The Wiyot Tribe called the river Iksori. They had several villages along it and would paddle their canoes upstream to Iksori's forks, whence they would travel by trail to the Kneeland area for summer hunting and gathering. The Wiyots had lived next to the river and canoed along it for centuries without creating any of the damage the whites wrought in less than three decades, but of course they had different priorities.

Jerry Rohde, Eureka

Editor:

Thanks for Elaine Weinreb's excellent update on Elk River's destruction. It's especially revealing along with J.A. Savage's history of Michael Milken, the junk bond criminal ("Milken's Unpardonable Redwood Felonies," March 5). We see it's a crime still in progress.

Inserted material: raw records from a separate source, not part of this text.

(* Let $S$ be a monoid whose unique maximal right ideal $\mathfrak{M}$ is two-sided, and let $A$ be a right $S$-act with a maximal subact $B$. Suppose $AI=A$ for some proper right ideal $I$ of $S$. Then for every $a\in A\setminus B$ there exists $m\in\mathfrak{M}$ with $am=a$.
   Context: $S$ is a monoid with identity $1$ having at least one right non-invertible element. A (right) $S$-act is a nonempty set with an action $(a,s)\mapsto as$, $a1=a$, $a(st)=(as)t$. A subact is a nonempty subset closed under the action; a maximal subact is a proper subact not properly contained in another proper subact. $\mathfrak{M}=\{s\in S\mid st\neq1\ \forall t\in S\}$ is the unique maximal right ideal of $S$. $AI=\{as\mid a\in A, s\in I\}$. *)

Record is_monoid (S : Type) (mul : S -> S -> S) (one : S) : Prop := {
  mon_assoc : forall x y z, mul x (mul y z) = mul (mul x y) z;
  mon_left_id : forall x, mul one x = x;
  mon_right_id : forall x, mul x one = x
}.

Definition right_invertible {S : Type} (mul : S -> S -> S) (one : S) (s : S) : Prop :=
  exists t, mul s t = one.

Definition maxM {S : Type} (mul : S -> S -> S) (one : S) (s : S) : Prop :=
  forall t, mul s t <> one.

Definition right_ideal {S : Type} (mul : S -> S -> S) (I : S -> Prop) : Prop :=
  (exists s, I s) /\ (forall s t, I s -> I (mul s t)).

Definition left_ideal {S : Type} (mul : S -> S -> S) (I : S -> Prop) : Prop :=
  (exists s, I s) /\ (forall s t, I s -> I (mul t s)).

Definition two_sided_ideal {S : Type} (mul : S -> S -> S) (I : S -> Prop) : Prop :=
  right_ideal mul I /\ left_ideal mul I.

Definition proper_subset {X : Type} (P : X -> Prop) : Prop := exists x, ~ P x.

Record is_right_act (S A : Type) (mul : S -> S -> S) (one : S)
    (act : A -> S -> A) : Prop := {
  act_one : forall a, act a one = a;
  act_mul : forall a s t, act a (mul s t) = act (act a s) t
}.

Definition subact {S A : Type} (act : A -> S -> A) (B : A -> Prop) : Prop :=
  (exists a, B a) /\ (forall a s, B a -> B (act a s)).

Definition maximal_subact {S A : Type} (act : A -> S -> A) (B : A -> Prop) : Prop :=
  subact act B /\ proper_subset B /\
  forall C : A -> Prop, subact act C -> proper_subset C ->
    (forall a, B a -> C a) -> forall a, C a -> B a.

(* AI = A, i.e. every element of A has the form b s with b in A, s in I. *)
Definition act_set_eq_whole {S A : Type} (act : A -> S -> A) (I : S -> Prop) : Prop :=
  forall a, exists b s, I s /\ act b s = a.

(* Since a is outside the maximal subact B, the subact B ∪ aS must be all of A.
   Writing a = b s with b ∈ A and s ∈ I, the element b cannot lie in B (else
   a ∈ B), so b = a t and a = a (t s).  A proper right ideal lies in M, and M is
   a left ideal, so t s ∈ M. *)

From Stdlib Require Import Classical.

Section Monoid.

Variables (S : Type) (mul : S -> S -> S) (one : S).
Hypothesis HS : is_monoid S mul one.

Lemma proper_right_ideal_sub_maxM (I : S -> Prop) :
  right_ideal mul I -> proper_subset I -> forall s, I s -> maxM mul one s.
Proof.
  intros [_ HImul] [x Hx] s Hs t Hst.
  apply Hx.
  rewrite <- (mon_left_id _ _ _ HS x), <- Hst, <- (mon_assoc _ _ _ HS).
  apply HImul; exact Hs.
Qed.

Section Act.

Variables (A : Type) (act : A -> S -> A).
Hypothesis HA : is_right_act S A mul one act.

Definition union_cyclic (B : A -> Prop) (a : A) : A -> Prop :=
  fun x => B x \/ exists t, act a t = x.

Lemma subact_union_cyclic (B : A -> Prop) (a : A) :
  subact act B -> subact act (union_cyclic B a).
Proof.
  intros [_ HBact]. split.
  - exists a. right. exists one. apply (act_one _ _ _ _ _ HA).
  - intros x s [Hx | [t <-]].
    + left. apply HBact; exact Hx.
    + right. exists (mul t s). apply (act_mul _ _ _ _ _ HA).
Qed.

Lemma maximal_subact_union_cyclic_full (B : A -> Prop) (a : A) :
  maximal_subact act B -> ~ B a -> forall x, union_cyclic B a x.
Proof.
  intros [HBsub [_ HBmax]] Ha x.
  apply NNPP. intro Hx.
  apply Ha, (HBmax (union_cyclic B a)).
  - apply subact_union_cyclic; exact HBsub.
  - exists x; exact Hx.
  - intros y Hy; left; exact Hy.
  - right. exists one. apply (act_one _ _ _ _ _ HA).
Qed.

End Act.

End Monoid.

Theorem corollary2p8 (S : Type) (mul : S -> S -> S) (one : S)
    (HS : is_monoid S mul one)
    (Hnoninv : exists s, ~ right_invertible mul one s)
    (HM : two_sided_ideal mul (maxM mul one))
    (A : Type) (act : A -> S -> A) (HA : is_right_act S A mul one act)
    (B : A -> Prop) (HB : maximal_subact act B)
    (I : S -> Prop) (HI : right_ideal mul I) (HIp : proper_subset I)
    (HAI : act_set_eq_whole act I) :
  forall a, ~ B a -> exists m, maxM mul one m /\ act a m = a.
Proof.
  intros a Ha.
  destruct (HAI a) as [b [s [Hs Hbs]]].
  destruct (maximal_subact_union_cyclic_full _ _ _ _ _ HA B a HB Ha b)
    as [Hb | [t Ht]].
  - exfalso. apply Ha. rewrite <- Hbs.
    apply (proj2 (proj1 HB)); exact Hb.
  - exists (mul t s). split.
    + apply (proj2 (proj2 HM)).
      apply (proper_right_ideal_sub_maxM _ _ _ HS I HI HIp); exact Hs.
    + rewrite (act_mul _ _ _ _ _ HA). congruence.
Qed.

One story reminds us that the river belongs to the people. The other reveals a watershed controlled by a couple of bottom-feeding financiers in Houston and New York and two wealthy families in Seattle and San Francisco. How can that be?

Remember Robin Hood? Sherwood Forest was owned and governed in common. Taking more than your share was considered a crime. We see vestiges of that ancient law when we get a permit to cut firewood or gather mushrooms on public land. How did the forest get privatized?

The Shire Wood was taken over by royalty who thought the forest belonged to them. Like Charles Hurwitz. Or William Reed, chairman of Green Diamond's parent company. John Fisher, owner of Humboldt Redwood, the Oakland A's, etc. They are our Charles the Great, our Kings William and John. Duke Milken gets a royal pardon.

Of course, they have help. The Sheriff of Nottingham, the permitting agencies and officials, the Forest Stewardship Council, the token grants and reserves, all make it possible for money to overrule the people.

It can be done with handcuffs and pepper spray, but mostly it's accomplished by distorting facts and governing in a language we can't understand. In Robin's day it was Norman French. Nowadays it's Bio Latin, requiring a glossary and a new math. Do you know the TMDL for your 303(d)? Can you tell me when zero doesn't mean zero?

The log trucks are still busy on Elk River Road. The kings of capital still sucking the wealth from land and people. Degraded watersheds, degraded language, degraded leaders.

What would Robin Hood do?

Jerry Martien, Eureka

Editor:

NCJ's "The Battle for Elk River" points out that California "rivers ... are the legal property of the citizens of California, ... and state agencies are mandated ... to make sure that wildlife and waterways are not being damaged by inappropriate logging plans."

 However, the Headwaters deal gave Pacific Lumber "assurances" that it and successor Humboldt Redwood Co. (HRC) could continue their short rotation harvesting. Green Diamond (GD) has water board permits to "accommodate important economic development." 

 Since 1987, unprecedented logging has wreaked havoc throughout the Elk River watersheds, denuding hillsides, filling waterways with sediment, killing fish and other wildlife, and flooding residents' access, egress and homes, damaging or destroying residents' drinking water sources, livelihoods and property, and creating dangerous conditions in the river.

 In an untested experiment, the state now proposes to dredge 19 miles of river to remove 640,000 cubic yards of sediment, costing $64 million, plus the cost of raising six houses. The greenhouse gas emissions and riparian obliteration are unavoidable "collateral damage."

 Whereas the taxpayer will foot this enormous bill, HRC and GD will continue their logging unscathed, assuring a constant re-supply of sediment and a dearth of large woody debris in the river.

 The only proven remedy occurred during the 1997-1998 moratorium on logging imposed by the state agencies in Elk and Freshwater, when Elk's water quality began improving immediately. Robust studies of the watershed have proven that ongoing timber harvesting is incompatible with salmon, the free use and enjoyment of homes, liberty and the pursuit of happiness.

 Consequently, Elk River residents have proposed a preferable, equitable and cheaper alternative: the forest lands in Elk River be purchased for a community forest to sequester carbon in long rotation harvests, which would naturally control sedimentation, recover the salmon fishery, protect riparian habitat, provide trails, and enhance tourism, recreation and our economy.